Stack (Haskell) build cache of source files with GitHub Actions

The culprit for this problem is that stack uses timestamp (as many other tools do) to figure out if a source file has changed or not. When you restore cache on CI and you do it correctly, none of the dependencies will get rebuild, but the problem the source files is that when the CI provider clones a repo for you, the timestamps for all of the files in the repo are set to the date and time when it was cloned.

Hopefully the cause for recompilation of unchanged source files makes sense now. What do we do about working around this problem. The only real way to get it is to restore the timestamp of the last git commit that changed a particular file. I noticed this quite a while ago and a bit of googling gave me some answers on SO, here is one of them I think: Restore a file's modification time in Git

A modified it a bit to suite my needs and that is what I ended up with:

  git ls-tree -r --name-only HEAD | while read filename; do
    TS="$(git log -1 --format="%ct" -- ${filename})"
    touch "${filename}" -mt "$(date --date="@$TS" "+%Y%m%d%H%M.%S")"

That worker great for a while for me on Ubuntu CI, but solving this problem in an OS agnostic manner with bash is not something I wanted to do when I needed to setup Azure CI. For that reason I wrote a Haskell script that works for all GHC-8.2 version and newer without requiring any non-core dependencies.

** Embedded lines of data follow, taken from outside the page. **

(* Let $(H;\langle\cdot,\cdot\rangle)$ be a real inner product space and let $\{e_i\}_{i\in I}$, $\{f_j\}_{j\in J}$ be two finite orthonormal families in $H$. Let $(H_{\mathbb{C}};\langle\cdot,\cdot\rangle_{\mathbb{C}})$ be the complexification of $H$. Then for any $w\in H_{\mathbb{C}}$, setting $$T(w):=\sum_{i\in I}\langle w,e_i\rangle_{\mathbb{C}}^2+\sum_{j\in J}\langle w,f_j\rangle_{\mathbb{C}}^2-2\sum_{i\in I,\,j\in J}\langle w,e_i\rangle_{\mathbb{C}}\langle w,f_j\rangle_{\mathbb{C}}\langle e_i,f_j\rangle,$$ we have $$|T(w)|\le\frac12|\langle w,\bar w\rangle_{\mathbb{C}}|+\left|T(w)-\frac12\langle w,\bar w\rangle_{\mathbb{C}}\right|\le\frac12\Big[\|w\|_{\mathbb{C}}^2+|\langle w,\bar w\rangle_{\mathbb{C}}|\Big]\le\|w\|_{\mathbb{C}}^2.$$
   Context: The complexification $H_{\mathbb{C}}$ of a real inner product space $H$ is the set $H\times H$ of pairs $(x,y)$ (written $x+iy$) with $(x,y)+(x',y')=(x+x',y+y')$ and $(\sigma+i\tau)(x,y)=(\sigma x-\tau y,\tau x+\sigma y)$ for $\sigma,\tau\in\mathbb{R}$, and with inner product $\langle (x,y),(x',y')\rangle_{\mathbb{C}}=\langle x,x'\rangle+\langle y,y'\rangle+i[\langle x',y\rangle-\langle x,y'\rangle]$, so $\|(x,y)\|_{\mathbb{C}}^2=\|x\|^2+\|y\|^2$. The conjugate of $w=(x,y)$ is $\bar w=(x,-y)$. A vector $e\in H$ is identified with $(e,0)\in H_{\mathbb{C}}$, so $\langle w,e_i\rangle_{\mathbb{C}}=\langle w,(e_i,0)\rangle_{\mathbb{C}}$; $\langle e_i,f_j\rangle$ is the real inner product in $H$. A family $\{e_i\}$ is orthonormal if $\langle e_i,e_j\rangle=\delta_{ij}$. *)

From HB Require Import structures.
From mathcomp Require Import all_boot all_order all_algebra.
From mathcomp Require Import reals.
From mathcomp Require Import complex.
Set Implicit Arguments. Unset Strict Implicit. Unset Printing Implicit Defensive.
Import Order.TTheory GRing.Theory Num.Theory.
Local Open Scope ring_scope.

Definition is_inner_product (R : realType) (V : lmodType R) (ip : V -> V -> R) :=
  [/\ (forall x y, ip x y = ip y x),
      (forall a x y z, ip (a *: x + y) z = a * ip x z + ip y z),
      (forall x, 0 <= ip x x) &
      (forall x, ip x x = 0 -> x = 0)].

Definition orthonormal_family (R : realType) (V : lmodType R) (ip : V -> V -> R)
  (I : finType) (e : I -> V) :=
  forall i j, ip (e i) (e j) = (i == j)%:R.

(* Complexification H_C = H x H; the pair (x, y) stands for x + i y. *)
Definition cplx (V : Type) := (V * V)%type.

Definition embC (R : realType) (V : lmodType R) (e : V) : cplx V := (e, 0).

Definition conjH (R : realType) (V : lmodType R) (w : cplx V) : cplx V :=
  (w.1, - w.2).

Definition ipC (R : realType) (V : lmodType R) (ip : V -> V -> R)
  (w w' : cplx V) : R[i] :=
  Complex (ip w.1 w'.1 + ip w.2 w'.2) (ip w'.1 w.2 - ip w.1 w'.2).

Definition normC2 (R : realType) (V : lmodType R) (ip : V -> V -> R)
  (w : cplx V) : R := ip w.1 w.1 + ip w.2 w.2.

Definition Tq (R : realType) (V : lmodType R) (ip : V -> V -> R)
  (I J : finType) (e : I -> V) (f : J -> V) (w : cplx V) : R[i] :=
  \sum_(i : I) ipC ip w (embC (e i)) ^+ 2 + \sum_(j : J) ipC ip w (embC (f j)) ^+ 2
  - 2 * \sum_(i : I) \sum_(j : J)
      ipC ip w (embC (e i)) * ipC ip w (embC (f j)) * Complex (ip (e i) (f j)) 0.

From mathcomp Require Import all_boot all_order all_algebra.
From mathcomp Require Import reals.
From mathcomp Require Import complex.
From mathcomp Require Import ring lra.
Set Implicit Arguments. Unset Strict Implicit. Unset Printing Implicit Defensive.
Import Order.TTheory GRing.Theory Num.Theory.
Local Open Scope ring_scope.

(* Write [w = x + i y] and let [B(u, z) = <u, conj z>_C] be the complex-bilinear
   extension of the inner product, so that [<w, conj w>_C = B(w, w)].  With
   [D = P_e - P_f] the difference of the orthogonal projections onto the spans of
   the two families, acting componentwise on [H_C], one has [T(w) = B(D w, D w)].
   Since [D] is symmetric and [|D v| <= |v|], we get [0 <= D^2 <= 1], so [D^2 - 1/2]
   has norm at most [1/2].  Hence, by the Cauchy-Schwarz inequality for [B],
   [|T(w) - B(w, w)/2| = |B((D^2 - 1/2) w, w)| <= |w|^2 / 2] and [|B(w, w)| <= |w|^2];
   the remaining inequalities are the triangle inequality and arithmetic. *)

Section Normc.
Variable R : rcfType.
Implicit Types (z : R[i]) (t : R).

Lemma normc_ge0 z : 0 <= Normc.normc z.
Proof. by case: z => a b; apply: sqrtr_ge0. Qed.

Lemma sqr_normc z : Normc.normc z ^+ 2 = complex.Re z ^+ 2 + complex.Im z ^+ 2.
Proof. by case: z => a b /=; rewrite sqr_sqrtr // addr_ge0 ?sqr_ge0. Qed.

Lemma normc_le_sqr z t : 0 <= t -> Normc.normc z ^+ 2 <= t ^+ 2 -> Normc.normc z <= t.
Proof. by move=> t0; rewrite ler_sqr ?nnegrE ?normc_ge0. Qed.

Lemma normcD z1 z2 : Normc.normc (z1 + z2) <= Normc.normc z1 + Normc.normc z2.
Proof. by have /andP[_] := lec_normD z1 z2. Qed.

Lemma normc_half z : Normc.normc (z / 2) = Normc.normc z / 2.
Proof.
rewrite Normc.normcM Normc.normcV; congr (_ / _).
by rewrite /= addr0 expr0n /= addr0 sqrtr_sqr ger0_norm // -mulr2n ler0n.
Qed.

Lemma sum_Complex (K : finType) (F G : K -> R) :
  \sum_k Complex (F k) (G k) = Complex (\sum_k F k) (\sum_k G k).
Proof.
apply: (big_rec3 (fun z a b => z = Complex a b)) => // k z a b _ ->.
by [].
Qed.

End Normc.

Section InnerProduct.
Variables (R : realType) (V : lmodType R) (ip : V -> V -> R).
Hypothesis ip_inner : is_inner_product ip.

Lemma ip_sym x y : ip x y = ip y x.
Proof. by case: ip_inner => + _ _ _; apply. Qed.

Lemma ipZDl a x y z : ip (a *: x + y) z = a * ip x z + ip y z.
Proof. by case: ip_inner => _ + _ _; apply. Qed.

Lemma ip_ge0 x : 0 <= ip x x.
Proof. by case: ip_inner => _ _ + _; apply. Qed.

Lemma ip_eq0 x : ip x x = 0 -> x = 0.
Proof. by case: ip_inner => _ _ _; apply. Qed.

Lemma ip0l z : ip 0 z = 0.
Proof. by have := ipZDl 1 0 0 z; rewrite scaler0 addr0 mul1r; lra. Qed.

Lemma ipDl x y z : ip (x + y) z = ip x z + ip y z.
Proof. by rewrite -[x]scale1r ipZDl mul1r scale1r. Qed.

Lemma ipZl a x z : ip (a *: x) z = a * ip x z.
Proof. by rewrite -[a *: x]addr0 ipZDl ip0l addr0. Qed.

Lemma ipBl x y z : ip (x - y) z = ip x z - ip y z.
Proof. by rewrite ipDl -scaleN1r ipZl mulN1r. Qed.

Lemma ip0r z : ip z 0 = 0.
Proof. by rewrite ip_sym ip0l. Qed.

Lemma ipZr a x z : ip z (a *: x) = a * ip z x.
Proof. by rewrite ip_sym ipZl ip_sym. Qed.

Lemma ipNr x z : ip z (- x) = - ip z x.
Proof. by rewrite -scaleN1r ipZr mulN1r. Qed.

Lemma ipBr x y z : ip z (x - y) = ip z x - ip z y.
Proof. by rewrite !(ip_sym z) ipBl. Qed.

Lemma ip_suml (K : finType) (F : K -> V) z : ip (\sum_k F k) z = \sum_k ip (F k) z.
Proof. exact: (big_morph (ip^~ z) (fun x y => ipDl x y z) (ip0l z)). Qed.

Lemma ip_normD x y : ip (x + y) (x + y) = ip x x + 2 * ip x y + ip y y.
Proof. rewrite !ipDl !(ip_sym _ (x + y)) !ipDl (ip_sym y x); ring. Qed.

Lemma ip_normB x y : ip (x - y) (x - y) = ip x x - 2 * ip x y + ip y y.
Proof. rewrite !ipBl !(ip_sym _ (x - y)) !ipBl (ip_sym y x); ring. Qed.

Section Projection.
Variables (K : finType) (e : K -> V).
Hypothesis e_orthonormal : orthonormal_family ip e.

Definition proj v := \sum_k ip v (e k) *: e k.

Lemma ip_projl a b : ip (proj a) b = \sum_k ip a (e k) * ip b (e k).
Proof. by rewrite ip_suml; apply: eq_bigr => k _; rewrite ipZl (ip_sym (e k)). Qed.

Lemma proj_sym a b : ip (proj a) b = ip a (proj b).
Proof. by rewrite (ip_sym a) !ip_projl; apply: eq_bigr => k _; rewrite mulrC. Qed.

Lemma projB a b : proj (a - b) = proj a - proj b.
Proof. by rewrite /proj -sumrB; apply: eq_bigr => k _; rewrite ipBl scalerBl. Qed.

Lemma ip_proj_basis a k : ip (proj a) (e k) = ip a (e k).
Proof.
rewrite ip_projl (bigD1 k) //= big1 ?addr0; first by rewrite e_orthonormal eqxx mulr1.
by move=> l /negPf lk; rewrite e_orthonormal eq_sym lk mulr0.
Qed.

Lemma proj_idem a : proj (proj a) = proj a.
Proof. by apply: eq_bigr => k _; rewrite ip_proj_basis. Qed.

Lemma ip_proj_proj a b : ip (proj a) (proj b) = ip (proj a) b.
Proof. by rewrite proj_sym proj_idem proj_sym. Qed.

Lemma proj_orth a b : ip (proj a) (b - proj b) = 0.
Proof. by rewrite ipBr ip_proj_proj subrr. Qed.

Lemma proj_pythagoras a : ip a a = ip (proj a) (proj a) + ip (a - proj a) (a - proj a).
Proof.
by rewrite -{1 2}[a](subrKC (proj a)) (ip_normD (proj a)) proj_orth mulr0 addr0.
Qed.

Lemma bessel a : ip (proj a) (proj a) <= ip a a.
Proof. by rewrite [leRHS]proj_pythagoras lerDl ip_ge0. Qed.

End Projection.

Section ProjectionDifference.
Variables (I J : finType) (e : I -> V) (f : J -> V).
Hypotheses (e_orthonormal : orthonormal_family ip e)
  (f_orthonormal : orthonormal_family ip f).

Definition dproj v := proj e v - proj f v.

Lemma dproj_sym a b : ip (dproj a) b = ip a (dproj b).
Proof. by rewrite ipBl ipBr !proj_sym. Qed.

(* [P v - Q v = P (v - Q v) - (Q v - P (Q v))], an orthogonal sum. *)
Lemma dproj_norm_le v : ip (dproj v) (dproj v) <= ip v v.
Proof.
set w := proj f v.
have dprojE : dproj v = proj e (v - w) - (w - proj e w).
  by rewrite /dproj projB opprB addrA subrK.
have orth_vw : ip (v - w) w = 0 by rewrite ip_sym proj_orth.
have pyth_v : ip v v = ip (v - w) (v - w) + ip w w.
  by rewrite -{1 2}[v](subrK w) (ip_normD (v - w)) orth_vw mulr0 addr0.
have := proj_pythagoras e_orthonormal w; have := bessel e_orthonormal (v - w).
have := ip_ge0 (proj e w).
rewrite dprojE (ip_normB (proj e (v - w))) proj_orth //; lra.
Qed.

Definition dproj_sq_sub_half v := dproj (dproj v) - 2^-1 *: v.

(* [|D^2 v - v/2|^2 = |D^2 v|^2 - |D v|^2 + |v|^2/4] and [|D^2 v| <= |D v|]. *)
Lemma dproj_sq_sub_half_norm_le v :
  ip (dproj_sq_sub_half v) (dproj_sq_sub_half v) <= ip v v / 4.
Proof.
have := dproj_norm_le (dproj v); have := dproj_sym (dproj v) v.
rewrite /dproj_sq_sub_half (ip_normB (dproj (dproj v))) !ipZr ipZl; lra.
Qed.

End ProjectionDifference.

Definition bil (u z : V * V) : R[i] := ipC ip u (conjH z).

Definition mapC (F : V -> V) (u : V * V) : V * V := (F u.1, F u.2).

Lemma bilE u z : bil u z = Complex (ip u.1 z.1 - ip u.2 z.2) (ip u.1 z.2 + ip u.2 z.1).
Proof. by rewrite /bil /ipC /= !ipNr opprK; congr Complex; rewrite addrC (ip_sym z.1). Qed.

Lemma bil_sym u z : bil u z = bil z u.
Proof. by rewrite !bilE; congr Complex; rewrite (ip_sym z.1) (ip_sym z.2) // addrC. Qed.

Lemma bilBl u v z : bil (u - v) z = bil u z - bil v z.
Proof. by rewrite !bilE /= !ipBl; congr Complex; ring. Qed.

Lemma bilBr u v z : bil z (u - v) = bil z u - bil z v.
Proof. by rewrite !(bil_sym z) bilBl. Qed.

Lemma bilZl a u z : bil (a *: u) z = a%:C%C * bil u z.
Proof. by rewrite !bilE /= !ipZl; congr Complex; ring. Qed.

Lemma bil_mapC F u z : (forall a b, ip (F a) b = ip a (F b)) ->
  bil (mapC F u) z = bil u (mapC F z).
Proof. by move=> F_sym; rewrite !bilE /= !F_sym. Qed.

Lemma ipC_embC u v : ipC ip u (embC v) = Complex (ip u.1 v) (ip u.2 v).
Proof. by rewrite /ipC /= !ip0r addr0 subr0 (ip_sym v). Qed.

Lemma ipC_embC_embC a b : ipC ip (embC a) (embC b) = (ip a b)%:C%C.
Proof. by rewrite ipC_embC /= ip0l. Qed.

(* With [p + i q = bil u z] and [n = |z|^2], expand
   [|n u - (p + i q) conj z|^2 >= 0]. *)
Lemma bil_cauchy_schwarz u z :
  Normc.normc (bil u z) ^+ 2 <= normC2 ip u * normC2 ip z.
Proof.
case: u z => [a b] [x y]; rewrite sqr_normc bilE /normC2 /=.
have [n0 | n_gt0] := eqVneq (ip x x + ip y y) 0.
  have /ip_eq0 -> : ip x x = 0 by have := ip_ge0 x; have := ip_ge0 y; lra.
  have /ip_eq0 -> : ip y y = 0 by have := ip_ge0 x; have := ip_ge0 y; lra.
  by rewrite !ip0r subrr !addr0 expr0n /= addr0 mulr0.
set n := ip x x + ip y y; set p := ip a x - ip b y; set q := ip a y + ip b x.
have n_pos : 0 < n by rewrite lt_def n_gt0 addr_ge0 ?ip_ge0.
have : 0 <= ip (n *: a - p *: x - q *: y) (n *: a - p *: x - q *: y)
          + ip (n *: b + p *: y - q *: x) (n *: b + p *: y - q *: x).
  by rewrite addr_ge0 ?ip_ge0.
have -> : ip (n *: a - p *: x - q *: y) (n *: a - p *: x - q *: y)
          + ip (n *: b + p *: y - q *: x) (n *: b + p *: y - q *: x)
       = n * (n * (ip a a + ip b b) - (p ^+ 2 + q ^+ 2)).
  rewrite !(ipBl, ipDl, ipZl, ipBr, ipZr) !(ip_sym _ (_ + _)) !ipDl !ipZl.
  rewrite (ip_sym x a) (ip_sym y a) (ip_sym y b) (ip_sym y x).
  rewrite /p /q /n; ring.
rewrite pmulr_rge0 //; lra.
Qed.

Lemma normC2_ge0 u : 0 <= normC2 ip u.
Proof. by rewrite addr_ge0 ?ip_ge0. Qed.

Lemma normc_bil_self_le u : Normc.normc (bil u u) <= normC2 ip u.
Proof. by apply: normc_le_sqr (normC2_ge0 u) _; rewrite expr2 bil_cauchy_schwarz. Qed.

Lemma bil_embC u v : bil u (embC v) = ipC ip u (embC v).
Proof. by rewrite /bil /conjH /embC /= oppr0. Qed.

Lemma sum_ipC_embC (K : finType) (e : K -> V) u z :
  \sum_k ipC ip u (embC (e k)) * ipC ip z (embC (e k)) = bil (mapC (proj e) u) z.
Proof.
rewrite bilE /= !ip_projl -sumrB -big_split /= -sum_Complex.
by apply: eq_bigr => k _; rewrite !ipC_embC.
Qed.

Lemma bil_proj_proj (K : finType) (e : K -> V) u z : orthonormal_family ip e ->
  bil (mapC (proj e) u) (mapC (proj e) z) = bil (mapC (proj e) u) z.
Proof.
move=> e_orthonormal; rewrite !(bil_mapC _ _ (proj_sym e)).
by rewrite /mapC /= !proj_idem.
Qed.

Section ComplexifiedProjections.
Variables (I J : finType) (e : I -> V) (f : J -> V).
Hypotheses (e_orthonormal : orthonormal_family ip e)
  (f_orthonormal : orthonormal_family ip f).

Lemma Tq_bil w : Tq ip e f w = bil (mapC (dproj e f) w) (mapC (dproj e f) w).
Proof.
have sum_sqr (K : finType) (g : K -> V) :
    \sum_k ipC ip w (embC (g k)) ^+ 2 = bil (mapC (proj g) w) w.
  by rewrite -sum_ipC_embC; apply: eq_bigr => k _; rewrite expr2.
have sum_cross : \sum_i \sum_j ipC ip w (embC (e i)) * ipC ip w (embC (f j))
                   * Complex (ip (e i) (f j)) 0
               = bil (mapC (proj e) w) (mapC (proj f) w).
  rewrite -sum_ipC_embC; apply: eq_bigr => i _.
  rewrite -(bil_embC (mapC (proj f) w)) -sum_ipC_embC mulr_sumr.
  by apply: eq_bigr => j _; rewrite ipC_embC_embC mulrA.
have -> : mapC (dproj e f) w = mapC (proj e) w - mapC (proj f) w by [].
rewrite /Tq !sum_sqr sum_cross !(bilBl, bilBr) !bil_proj_proj //.
rewrite (bil_sym (mapC (proj f) w) (mapC (proj e) w)); ring.
Qed.

Lemma Tq_sub_half w : Tq ip e f w - bil w w / 2 = bil (mapC (dproj_sq_sub_half e f) w) w.
Proof.
have -> : mapC (dproj_sq_sub_half e f) w = mapC (dproj e f) (mapC (dproj e f) w) - 2^-1 *: w.
  by [].
rewrite Tq_bil -bil_mapC; last exact: dproj_sym.
by rewrite bilBl bilZl fmorphV rmorph_nat mulrC.
Qed.

Lemma normc_Tq_sub_half_le w :
  Normc.normc (Tq ip e f w - bil w w / 2) <= normC2 ip w / 2.
Proof.
have n_ge0 := normC2_ge0 w.
rewrite Tq_sub_half; apply: normc_le_sqr; first lra.
apply: le_trans (bil_cauchy_schwarz _ _) _.
have := dproj_sq_sub_half_norm_le e_orthonormal f_orthonormal w.1.
have := dproj_sq_sub_half_norm_le e_orthonormal f_orthonormal w.2.
rewrite /normC2 /= in n_ge0 *; nra.
Qed.

End ComplexifiedProjections.

End InnerProduct.

Theorem theorem3p1 (R : realType) (V : lmodType R) (ip : V -> V -> R)
  (I J : finType) (e : I -> V) (f : J -> V) :
  is_inner_product ip ->
  orthonormal_family ip e -> orthonormal_family ip f ->
  forall w : cplx V,
    let T := Tq ip e f w in
    let c := ipC ip w (conjH w) in
    [/\ Normc.normc T <= Normc.normc c / 2 + Normc.normc (T - c / 2),
        Normc.normc c / 2 + Normc.normc (T - c / 2) <= (normC2 ip w + Normc.normc c) / 2 &
        (normC2 ip w + Normc.normc c) / 2 <= normC2 ip w].
Proof.
move=> ip_inner e_orthonormal f_orthonormal w T c.
have c_le : Normc.normc c <= normC2 ip w := normc_bil_self_le ip_inner w.
have T_sub_le : Normc.normc (T - c / 2) <= normC2 ip w / 2 :=
  normc_Tq_sub_half_le ip_inner e_orthonormal f_orthonormal w.
split; [|lra|lra].
by rewrite -normc_half -[X in Normc.normc X <= _](subrKC (c / 2)) normcD.
Qed.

I use it for all of my projects and I'll embed the juice of it here, but also provide a link to a permanent gist:

main = do
  args <- getArgs
  let rev = case args of
        [] -> "HEAD"
        (x:_) -> x
  fs <- readProcess "git" ["ls-tree", "-r", "-t", "--full-name", "--name-only", rev] ""
  let iso8601 = iso8601DateFormat (Just "%H:%M:%S%z")
      restoreFileModtime fp = do
        modTimeStr <- readProcess "git" ["log", "--pretty=format:%cI", "-1", rev, "--", fp] ""
        modTime <- parseTimeM True defaultTimeLocale iso8601 modTimeStr
        setModificationTime fp modTime
        putStrLn $ "[" ++ modTimeStr ++ "] " ++ fp
  putStrLn "Restoring modification time for all these files:"
  mapM_ restoreFileModtime $ lines fs

How would you go about using it without much overhead. The trick is to:

  • use stack itself to run the script
  • use the exactly samel resolver as the one for the project.

Above two points will ensure that no redundant dependencies or ghc versions will get installed. All in all the only two things are needed are stack and something like curl or wget and it will work cross platform:

# Script for restoring source files modification time from commit to avoid recompilation.
curl -sSkL -o git-modtime.hs
# Restore mod time and setup ghc, if it wasn't restored from cache
stack script --resolver ${RESOLVER} git-modtime.hs --package base --package time --package directory --package process

Here is a real project that uses this approach and you can dig through it to see how it works: massiv-io

Edit @Simon Michael in the comments mentioned that he can't reproduce this issue locally. Reason for this is that not everything is the same up on CI as it is locally. Quite often an absolute path is different, for example, possibly other things that I can't think of right now. Those things, together with the source file timestamp cause the recompilation of the source files.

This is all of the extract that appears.